[Collected data entries]
BEGIN

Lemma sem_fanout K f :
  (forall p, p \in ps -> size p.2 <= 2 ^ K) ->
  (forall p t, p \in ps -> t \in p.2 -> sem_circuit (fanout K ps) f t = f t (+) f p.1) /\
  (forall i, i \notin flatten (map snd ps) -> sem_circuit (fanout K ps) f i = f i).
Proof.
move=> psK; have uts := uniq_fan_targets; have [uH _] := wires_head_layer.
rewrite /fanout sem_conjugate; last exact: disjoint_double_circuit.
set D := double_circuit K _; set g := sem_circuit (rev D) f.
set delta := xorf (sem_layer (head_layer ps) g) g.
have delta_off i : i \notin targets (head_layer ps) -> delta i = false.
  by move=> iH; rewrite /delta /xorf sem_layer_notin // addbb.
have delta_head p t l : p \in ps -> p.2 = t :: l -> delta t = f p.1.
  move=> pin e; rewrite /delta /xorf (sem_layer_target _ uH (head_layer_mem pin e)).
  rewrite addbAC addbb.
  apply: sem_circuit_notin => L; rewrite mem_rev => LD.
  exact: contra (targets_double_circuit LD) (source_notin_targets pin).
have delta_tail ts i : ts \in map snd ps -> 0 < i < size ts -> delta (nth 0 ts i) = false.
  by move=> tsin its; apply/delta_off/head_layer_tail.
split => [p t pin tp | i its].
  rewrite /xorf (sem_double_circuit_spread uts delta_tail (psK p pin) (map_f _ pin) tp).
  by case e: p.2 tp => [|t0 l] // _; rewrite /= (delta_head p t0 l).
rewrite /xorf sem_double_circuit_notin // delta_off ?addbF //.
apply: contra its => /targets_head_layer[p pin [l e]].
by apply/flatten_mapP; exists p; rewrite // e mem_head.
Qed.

END

• [DESCRIPTION OF THE TASK] A faithful copy of the lines from the line containing "apply: sem_circuit_notin =>" to the end of the data should be set down, both ends included, and nothing more.

• [ANSWER TO THE PROBLEM]
  apply: sem_circuit_notin => L; rewrite mem_rev => LD.
  exact: contra (targets_double_circuit LD) (source_notin_targets pin).
have delta_tail ts i : ts \in map snd ps -> 0 < i < size ts -> delta (nth 0 ts i) = false.
  by move=> tsin its; apply/delta_off/head_layer_tail.
split => [p t pin tp | i its].
  rewrite /xorf (sem_double_circuit_spread uts delta_tail (psK p pin) (map_f _ pin) tp).
  by case e: p.2 tp => [|t0 l] // _; rewrite /= (delta_head p t0 l).
rewrite /xorf sem_double_circuit_notin // delta_off ?addbF //.
apply: contra its => /targets_head_layer[p pin [l e]].
by apply/flatten_mapP; exists p; rewrite // e mem_head.
Qed.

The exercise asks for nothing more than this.